Alex’s bravery and generosity are no doubt exceptional, but how rare is it for children of such young age to express such concerns and take action for the greater good? Alex’s early moral inclinations certainly challenge the traditional view of children’s morality as poor and fragile, such as that advanced by Jean Piaget in the 1930s. More broadly, her story also challenges a view of morality as externally imposed, a layer covering up natural selfish instincts. This raises the question: is morality really an acquired taste?

Early emergence of morality

Recent research in child development has revealed that children live rather sophisticated moral lives. In a ground breaking study from 2007, Kiley Hamlyn and colleagues found that 6 month old infants can tell who is friend and who is foe just by watching how they treat others. From their parent’s laps, infants watched a puppet show that included a character helping another climb a steep hill (the ‘helper’), and a character who instead actively pushed the other down the hill (the ‘hinderer’). After the show, infants were given the chance to choose one of these two puppets. Much to their parents’ relief, infants overwhelmingly approached the helper over the hinderer. This would suggest that infants seem able to extract the moral value behind other people’s actions.

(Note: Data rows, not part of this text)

(* Consider a single element $[x_0,x_p]$ with $p\ge1$, Gauss–Lobatto nodes and the matrices $\mathcal{P},\mathcal{Q}_x,\mathcal{D}_x,\mathcal{B}$ as in the context. Let $a\ge 0$ be a constant, let $\varepsilon_k(t)\ge 0$ ($k=0,\dots,p$) be continuous nodal diffusion coefficients with $\mathcal{E}(t)=\mathrm{diag}(\varepsilon_0(t),\dots,\varepsilon_p(t))$, and let $$\mathcal{Q}_{xx}(\varepsilon)=\mathcal{E}\mathcal{B}\mathcal{D}_x-(\sqrt{\mathcal{E}}\mathcal{D}_x)^T\mathcal{P}(\sqrt{\mathcal{E}}\mathcal{D}_x).$$ Let $\mathbf{U}(t)=(\bar u_0,\dots,\bar u_p)^T$ be a $C^1$ solution of the semi-discrete scheme $$\mathcal{P}\frac{d\mathbf{U}}{dt}+a\,\mathcal{Q}_x\mathbf{U}=\mathcal{Q}_{xx}(\varepsilon)\mathbf{U}+\sigma_0\,e_0\big[a\bar u_0-\varepsilon_0(\mathcal{D}_x\mathbf{U})_0-g_0\big]+\sigma_p\,e_p\big[-\varepsilon_p(\mathcal{D}_x\mathbf{U})_p-g_p\big],$$ where $e_0,e_p$ are the first and last standard unit vectors in $\mathbb{R}^{p+1}$. If $\sigma_0=-1$, $\sigma_p=1$ and the boundary data vanish ($g_0=g_p=0$), then for all $t\ge0$ $$\mathbf{U}(t)^T\mathcal{P}\mathbf{U}(t)+2\int_0^t\big(\sqrt{\mathcal{E}}\mathcal{D}_x\mathbf{U}\big)^T\mathcal{P}\big(\sqrt{\mathcal{E}}\mathcal{D}_x\mathbf{U}\big)\,ds\le \mathbf{U}(0)^T\mathcal{P}\mathbf{U}(0).$$
   Context: Gauss–Lobatto nodes $x_0<\dots<x_p$ (including both endpoints) with positive weights $w_0,\dots,w_p$; $\ell_j$ the degree-$p$ Lagrange basis polynomials on these nodes. $\mathcal{P}=\mathrm{diag}(w_0,\dots,w_p)$; $(\mathcal{Q}_x)_{ij}=\int_{x_0}^{x_p}\ell_i\ell_j'\,dx$; $\mathcal{D}_x=\mathcal{P}^{-1}\mathcal{Q}_x$, so $(\mathcal{D}_x\mathbf{U})_k$ is the derivative at $x_k$ of the interpolant $\sum_j\bar u_j\ell_j$; $\mathcal{B}=\mathrm{diag}(-1,0,\dots,0,1)$; $\sqrt{\mathcal{E}}=\mathrm{diag}(\sqrt{\varepsilon_0},\dots,\sqrt{\varepsilon_p})$. This is the discretization of $u_t+au_x=(\varepsilon u_x)_x$ with weakly imposed boundary conditions $au-\varepsilon u_x=g_0$ at the left end and $-\varepsilon u_x=g_p$ at the right end; $\sigma_0,\sigma_p$ are penalty parameters. *)

From HB Require Import structures.
From mathcomp Require Import all_boot all_order all_algebra.
From mathcomp Require Import all_classical all_reals all_analysis.
Set Implicit Arguments. Unset Strict Implicit. Unset Printing Implicit Defensive.
Import Order.TTheory GRing.Theory Num.Theory.
Import numFieldNormedType.Exports.
Local Open Scope classical_set_scope.
Local Open Scope ring_scope.

Section SBP.
Variable R : realType.
Variable p : nat.

(* integral over [a,b] (Lebesgue = Riemann for the continuous integrands used) *)
Definition int_ab (a b : R) (f : R -> R) : R :=
  Rintegral (@lebesgue_measure R) `[a, b] f.

Definition lagrange (x : 'I_p.+1 -> R) (j : 'I_p.+1) : {poly R} :=
  \prod_(m < p.+1 | m != j) (('X - (x m)%:P) * ((x j - x m)^-1)%:P).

As it turns out, evidence would suggest that infants do not only possess the capacity to implicitly judge others’ moral actions, but also take justice into their own hands. In a follow up study, researchers used the same puppet show setup, but gave participants the chance to give a ‘treat’ to either the helper or the hinderer. Even toddlers under 2 years old were more likely to give the ‘treat’ to the prosocial than the antisocial puppet, revealing intuitions that look like adult conceptions of reward and punishment toward good and bad behaviour.

In preschool years, more complex forms of moral action emerge. For example, a recent study reported that 3 year olds protested when they saw a puppet destroying someone else’s object or taking it away without permission, and spontaneously returned the object to the victim. In another experiment, children were shown to be more likely to help a victims if they had themselves (accidentally) destroyed their toy (for example, by knocking down their block tower) than when someone else did it. This suggests that complex moral feelings such as guilt may already be present and motivate behaviour at an early stage.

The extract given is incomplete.